The new COSYA-100 experiment, based on an underground and dark detector Yangyang Underground Laboratory in South Korea, has begun to study DAMA's claim. The first experiment is sufficiently sensitive to test DAMA and use same iodine sodium target material.

He has registered COSINE-100 data since 2016 and now has the initial results that challenge the discovery of DAMA. These findings are published this week in the journal Nature.

"For the first time 20 years, we have been able to find the solution to the DAMA condemnation," said Yale physics professor, Queen Maruyama, co-author of COSINE-100 and co-author of the new research.

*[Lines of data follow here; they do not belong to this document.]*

(* Let $\ell\in(\Sigma^S_{n,2d})^*$ and let $W_\ell\subseteq H_{n,d}$ be the kernel of the quadratic form $Q_\ell$. Then $\ell$ spans an extreme ray of $(\Sigma^S_{n,2d})^*$ if and only if $W_\ell^{<2>}$ is a (linear) hyperplane in $H^S_{n,2d}$.
   Context: $H_{n,d}$ is the space of real forms of degree $d$ in $n$ variables and $H^S_{n,2d}$ the symmetric forms of degree $2d$; $\Sigma^S_{n,2d}$ is the cone of symmetric sums of squares of real forms and $(\Sigma^S_{n,2d})^*=\{\ell\in (H^S_{n,2d})^*:\ell(f)\ge 0\ \forall f\in\Sigma^S_{n,2d}\}$. $\operatorname{Sym}(f)=\frac1{n!}\sum_{\sigma\in\mathcal{S}_n}\sigma(f)$ with $\mathcal{S}_n$ permuting variables. $Q_\ell(f)=\ell(\operatorname{Sym}(f^2))$ for $f\in H_{n,d}$; its kernel is $\{p\in H_{n,d}:\ell(\operatorname{Sym}(pq))=0\ \forall q\in H_{n,d}\}$. For a linear subspace $W\subseteq H_{n,d}$, $W^{<2>}=\{\operatorname{Sym}(\sum_i f_ig_i): f_i\in W,\ g_i\in H_{n,d}\}\subseteq H^S_{n,2d}$. *)

From mathcomp Require Import all_boot all_fingroup all_algebra.
From mathcomp Require Import reals.
From mathcomp Require Import mpoly.

Set Implicit Arguments.
Unset Strict Implicit.
Unset Printing Implicit Defensive.

Import GRing.Theory Num.Theory.
Local Open Scope ring_scope.

Definition Hform (n : nat) (R : realType) (k : nat) (p : {mpoly R[n]}) : Prop :=
  p \is k.-homog.

Definition HSform (n : nat) (R : realType) (k : nat) (p : {mpoly R[n]}) : Prop :=
  p \is k.-homog /\ p \is symmetric.

Definition Sym (n : nat) (R : realType) (p : {mpoly R[n]}) : {mpoly R[n]} :=
  (n`!%:R)^-1 *: \sum_(s : 'S_n) msym s p.

Definition symSOS (n : nat) (R : realType) (d : nat) (f : {mpoly R[n]}) : Prop :=
  HSform (d.*2) f /\
  exists s : seq {mpoly R[n]},
    (forall g, g \in s -> Hform d g) /\ f = \sum_(g <- s) g ^+ 2.

(* l is linear on the subspace S (elements of S^* are represented by
   functions on the ambient space, only their restriction to S matters). *)
Definition lin_on (n : nat) (R : realType) (S : {mpoly R[n]} -> Prop)
  (l : {mpoly R[n]} -> R) : Prop :=
  forall (a : R) p q, S p -> S q -> l (a *: p + q) = a * l p + l q.

Definition dual_symSOS (n : nat) (R : realType) (d : nat)
  (l : {mpoly R[n]} -> R) : Prop :=
  lin_on (@HSform n R d.*2) l /\ forall f, symSOS d f -> 0 <= l f.

Definition extreme_ray_dual (n : nat) (R : realType) (d : nat)
  (l : {mpoly R[n]} -> R) : Prop :=
  dual_symSOS d l /\
  (exists f, HSform d.*2 f /\ l f <> 0) /\
  forall l1 l2 : {mpoly R[n]} -> R,
    dual_symSOS d l1 -> dual_symSOS d l2 ->
    (forall f, HSform d.*2 f -> l f = l1 f + l2 f) ->
    exists c : R, 0 <= c /\ forall f, HSform d.*2 f -> l1 f = c * l f.

(* W_l: the kernel of Q_l(f) = l(Sym(f^2)) on H_{n,d}. *)
Definition kerQ (n : nat) (R : realType) (d : nat)
  (l : {mpoly R[n]} -> R) (p : {mpoly R[n]}) : Prop :=
  Hform d p /\ forall q, Hform d q -> l (Sym (p * q)) = 0.

Definition W2 (n : nat) (R : realType) (d : nat)
  (W : {mpoly R[n]} -> Prop) (f : {mpoly R[n]}) : Prop :=
  exists (k : nat) (fs gs : 'I_k -> {mpoly R[n]}),
    (forall i, W (fs i)) /\ (forall i, Hform d (gs i)) /\
    f = Sym (\sum_(i < k) fs i * gs i).

Definition hyperplane_in (n : nat) (R : realType)
  (S V : {mpoly R[n]} -> Prop) : Prop :=
  (forall f, V f -> S f) /\ V 0 /\
  (forall (a : R) p q, V p -> V q -> V (a *: p + q)) /\
  exists h, S h /\ ~ V h /\
    forall f, S f -> exists (c : R) w, V w /\ f = w + c *: h.

(* Q_l is positive semidefinite on H_{n,d}, and l vanishes on W_l^{<2>}.
   If l = l1 + l2 in the dual cone then Q_{l1} <= Q_l, so W_l lies in the
   kernel of Q_{l1} and l1 vanishes on W_l^{<2>}; when W_l^{<2>} is a
   hyperplane this forces l1 to be a multiple of l.  Conversely, if l is
   extreme and some symmetric w with l(w) = 0 lies outside W_l^{<2>}, take a
   functional phi vanishing on W_l^{<2>} with phi(w) = 1.  The bilinear form
   (p, q) |-> phi(Sym(pq)) vanishes on the radical of Q_l, so on the
   finite-dimensional space H_{n,d} it is dominated by a multiple of Q_l;
   hence l +- eps phi stay in the dual cone for small eps, and splitting l
   into their halves contradicts extremality at w. *)

From Pilot Require Import Defs.
From mathcomp Require Import all_boot all_order all_fingroup all_algebra.
From mathcomp Require Import reals.
From mathcomp Require Import mpoly.
From mathcomp Require Import ring lra.
From Stdlib Require Import ClassicalEpsilon Classical.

The first phase of COSINE-100's work will look for dark matter in search of more detected signals in the background with good energy and features. In the initial investigation, the researchers did not find any additional data signal, compared to the DAMA annual modification signal compared to other experimental results. COSINE-100 scientists have indicated that the results of the DAMA will be confirmed or rejected.

The COSINE-100 experiment has 8 low sodium ion crystals with 8 backgrounds arranged in a 4-by-2 array that gives a total objective of 106 kg. Each crystal has two photo sensors to measure the amount of energy accumulated in the crystal.

Sodium iodide crystals are immersed in liquid liquids, 2,200 L, to identify and reduce the radioactive radiation observed. The detector incorporates copper, lead and plastic protection components to reduce backward radiation intake and reduce the radius of the muons.

The COSINE-100 partnership brings together 50 scientists from 50 countries, South Korea, the United Kingdom, Brazil, and Indonesia. The Yangyang Underground Laboratory, based on the experiment, is led by the South Korean Institute of Basic Science, Sub-Physics (IBS).

"The initial results are the traces of a possible search for dark matter that draws from a DAMA signal. Needless to say, this claim does not exclude the dark matter's interaction, unless it changes the dark matter pattern," said Hyun Su Lee, another spokeswoman for the COSINE-100 co-operative. Associate Director of IBS Underground Physics Center.